The Music of Mel Tormé

Appel Room, NYC, May 4, 2017

Reviewed by Alix Cohen for Cabaret Scenes

Billy Stritch, Catherine Russell, Michael Feinstein
Photos: Lawrence Sumulong

Under the expert Direction of M.D./arranger Tedd Firth, a bouncy, bright version of “A Shine on Your Shoes” opens this, the third in Michael Feinstein’s 2017 celebratory series for Jazz at Lincoln Center. “Tonight we’re paying tribute to an amazing Renaissance Man, Melvin Howard Tormé (1925-1999), vocalist, arranger, orchestrator, musician, and songwriter. In the vocal arena, he could do anything, second only to Frank Sinatra.” (Michael Feinstein)
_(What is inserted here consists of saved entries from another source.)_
Lemma mem_span3 a b c : [/\ a \in span3 a b c, b \in span3 a b c & c \in span3 a b c].
Proof. by have := subvv (span3 a b c); rewrite {1}span3_sub => /and3P[]. Qed.

Lemma dim_span2 a b : a != 0%R -> b \notin <[a]>%VS -> \dim (<[a]> + <[b]>)%VS = 2.
Proof. by move=> a0 ba; rewrite dim_add_line // dim_vline a0. Qed.

Lemma dim_span3 a b c : a != 0%R -> b \notin <[a]>%VS -> c \notin (<[a]> + <[b]>)%VS ->
  \dim (span3 a b c) = 3.
Proof. by move=> a0 ba cab; rewrite /span3 dim_add_line // dim_span2. Qed.

Lemma span3_eq a b c W : \dim (span3 a b c) = 3 -> \dim W = 3 ->
  a \in W -> b \in W -> c \in W -> span3 a b c = W.
Proof.
move=> d3 dW aW bW cW.
by apply: subv_eq_dim; rewrite ?span3_sub ?aW ?bW ?cW ?d3 ?dW.
Qed.

Lemma dim_cap_plane Y X Z c : \dim Y = 3 -> (Z <= Y :&: X)%VS -> \dim Z = 2 ->
  c \in Y -> c \notin X -> \dim (Y :&: X) = 2.
Proof.
move=> dY ZYX dZ cY cX.
have ge2 : 2 <= \dim (Y :&: X) by rewrite -dZ dimvS.
have ne3 : \dim (Y :&: X) != 3.
  apply: contraNneq cX => d3; have eY : (Y :&: X)%VS = Y.
    by apply: subv_eq_dim; rewrite ?capvSl ?d3 ?dY.
  by move: cY; rewrite -eY memv_cap => /andP[].
have := dimvS (capvSl Y X); rewrite dY; lia.
Qed.

End Subspaces.

Section PlaneCounts.
Variables (F : finFieldType) (n : nat).
Local Notation V := 'rV[F]_n.
Local Notation q := #|F|.
Local Notation VS := (fin_vspace F n).
Implicit Types (U W P Q X T Y : {vspace V}) (v a b c : V).

(* 3-spaces are counted through their ordered bases adapted to the configuration
   at hand: a triple t of vectors spans the subspace span_of t. *)
Definition span_of (t : (V * V) * V) : VS := span3 t.1.1 t.1.2 t.2.
Definition in3 W (t : (V * V) * V) := [&& t.1.1 \in W, t.1.2 \in W & t.2 \in W].

Lemma count_planes (D : pred ((V * V) * V)) (A : pred VS) (k : nat) :
  (forall t, t \in D -> \dim (span_of t) = 3 /\ A (span_of t)) ->
  (forall W : VS, A W -> \dim W = 3 /\ #|[pred t | (t \in D) && in3 W t]| = k) ->
  #|D| = #|A| * k.
Proof.
move=> Dspan Afibre; apply: (card_constant_fibres (f := span_of)) => [t /Dspan[]//|W AW].
have [dW <-] := Afibre W AW; apply: eq_card => t; rewrite !inE -[D t]/(t \in D).
have [Dt|_] := boolP (t \in D); last by [].
have [d3 _] := Dspan t Dt.
have [aY bY cY] := mem_span3 t.1.1 t.1.2 t.2.
rewrite /=; apply/eqP/and3P => [<-|[aW bW cW]]; first exact: And3 aY bY cY.
exact: (span3_eq d3 dW aW bW cW).
Qed.

Definition nbr X := [pred W : VS | (\dim W == 3) && (\dim (W :&: X) == 2)].

Lemma span_nbr X a b c : (a, b) \in indep X -> c \notin X ->
  \dim (span3 a b c) = 3 /\ \dim (span3 a b c :&: X) = 2.
Proof.
rewrite !inE /= memv0 => /andP[/andP[aX a0] /andP[bX ba]] cX.
have abX : (<[a]> + <[b]> <= X)%VS by rewrite subv_add -!memvE aX bX.
have cab : c \notin (<[a]> + <[b]>)%VS by apply: contra cX; apply: (subvP abX).
have d3 := dim_span3 a0 ba cab; split=> //.
have [_ _ cY] := mem_span3 a b c.
apply: (dim_cap_plane d3 _ (dim_span2 a0 ba) cY cX).
by rewrite subv_cap abX /span3 addvSl.
Qed.

Lemma count_nbr X : \dim X = 3 ->
  #|nbr X| * ((q ^ 2 - 1) * (q ^ 2 - q) * (q ^ 3 - q ^ 2)) =
  (q ^ 3 - 1) * (q ^ 3 - q) * (q ^ n - q ^ 3).
Proof.
move=> dX; have -> : (q ^ 3 - 1) * (q ^ 3 - q) * (q ^ n - q ^ 3) =
    #|prodp (indep X) (vdiff fullv X)|.
  by rewrite card_prodp card_indep card_vdiff capfv dim_fullv dX.
apply: esym; apply: count_planes => [[[a b] c]|W].
  rewrite !inE /= => /andP[abX /andP[_ cX]]; have [-> ->] := span_nbr abX cX.
  by rewrite !eqxx.
rewrite inE => /andP[/eqP dW /eqP dWX]; split=> //.
have -> : (q ^ 2 - 1) * (q ^ 2 - q) * (q ^ 3 - q ^ 2) =
    #|prodp (indep (W :&: X)) (vdiff (W :&: fullv) X)|.
  by rewrite card_prodp card_indep !card_vdiff capvf dW dWX.
apply: eq_card => -[[a b] c]; rewrite [LHS]inE !in_prodp /= in_indep_cap in_vdiff_cap.
rewrite /in3 /=.
by move: ((a, b) \in indep X) (c \in vdiff fullv X) (a \in W) (b \in W) (c \in W); do 5!case.
Qed.

Lemma exists_common_nbr X T : \dim X = 3 -> \dim T = 3 -> \dim (X :&: T) = 1 ->
  exists Z : VS, [/\ \dim Z = 3, \dim (T :&: Z) = 2 & \dim (Z :&: X) = 2].
Proof.
move=> dX dT dXT.
have [v] : exists2 v, v \in (X :&: T)%VS & v != 0%R by apply: exists_nz; rewrite dXT.
rewrite memv_cap => /andP[vX vT] v0.
have [a aX aT] : exists2 a, a \in X & a \notin T.
  by apply/subvPn/negP => XT; move: dXT; rewrite (capv_idPl XT) dX.
have [w wT wX] : exists2 w, w \in T & w \notin X.
  by apply/subvPn/negP => TX; move: dXT; rewrite (capv_idPr TX) dT.
have vXT : (<[v]> <= X :&: T)%VS by rewrite -memvE memv_cap vX vT.
have av : a \notin <[v]>%VS.
  by apply: contra aT => /(subvP vXT); rewrite memv_cap => /andP[].
have wv : w \notin <[v]>%VS.
  by apply: contra wX => /(subvP vXT); rewrite memv_cap => /andP[].
have vaX : (<[v]> + <[a]> <= X)%VS by rewrite subv_add -!memvE vX aX.
have wva : w \notin (<[v]> + <[a]>)%VS by apply: contra wX; apply: (subvP vaX).
have dZ := dim_span3 v0 av wva; have [vZ aZ wZ] := mem_span3 v a w.
exists (span3 v a w); split; first exact: dZ.
  rewrite capvC; apply: (dim_cap_plane dZ _ (dim_span2 v0 wv) aZ aT).
  by rewrite subv_cap !subv_add -!memvE vZ wZ vT wT.
apply: (dim_cap_plane dZ _ (dim_span2 v0 av) wZ wX).
by rewrite subv_cap vaX subv_add -!memvE vZ aZ.
Qed.

Definition common_nbr X T k := [pred W : VS | [&& \dim W == 3, \dim (W :&: X) == 2,
   \dim (W :&: T) == 2 & \dim (W :&: (X :&: T)) == k]].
Tormé, we’re told unsurprisingly, did not appreciate comparison to Ol’ Blue Eyes. He did value comparison to Ella Fitzgerald. “He could scat,” our host points out, one of the few skills Sinatra did not have.

The honoree wrote his first song at 15, toured with Chico Marx (yes, the Marx brother) as a vocalist at 17, and started the singing group The Meltones in the 1940s. He was a nightclub headliner, appeared in several films, and notably worked with Judy Garland as arranger/orchestrator on her television series. The relationship began with warmth, but she later referred to the exacting musician as “Mel Torment.” Whether as soloist or M.D., Tormé was never in doubt of exactly what he wanted and how it should be expressed.

“Blue Moon” emerges as if Feinstein were singing to himself, quiet and a bit grave. The vocalist strolls and stops, reflecting, his single gesture a raised arm on “without a dream.” Sentiment is enhanced by closing tenor notes in the first of many beautiful arrangements. “Just One of Those Things” is next with Feinstein at the piano. When Firth takes over, tempo goes from foot-tapping to speedy swing borne on lots of brass.

Feinstein comments introducing his first special guest: “Without him, this would not be an appropriate tribute. Billy Stritch is another multi-hyphenate who does it all.” Stritch offers a breezy “Lulu’s Back in Town” with a twinkle in his eye, right hand rising from the keys to gesture; “Haven’t We Met?,” which swings like a hammock; and “A Nightingale Sang in Berkeley Square,” a textured 1940s slow dance with occasional flutter of the bird on top keys and horns overlapping like brushstrokes. (Another complimentary nod to Firth’s arrangement.) Phrasing is impeccable. Stritch was, he tells us, vocally inspired by Tormé.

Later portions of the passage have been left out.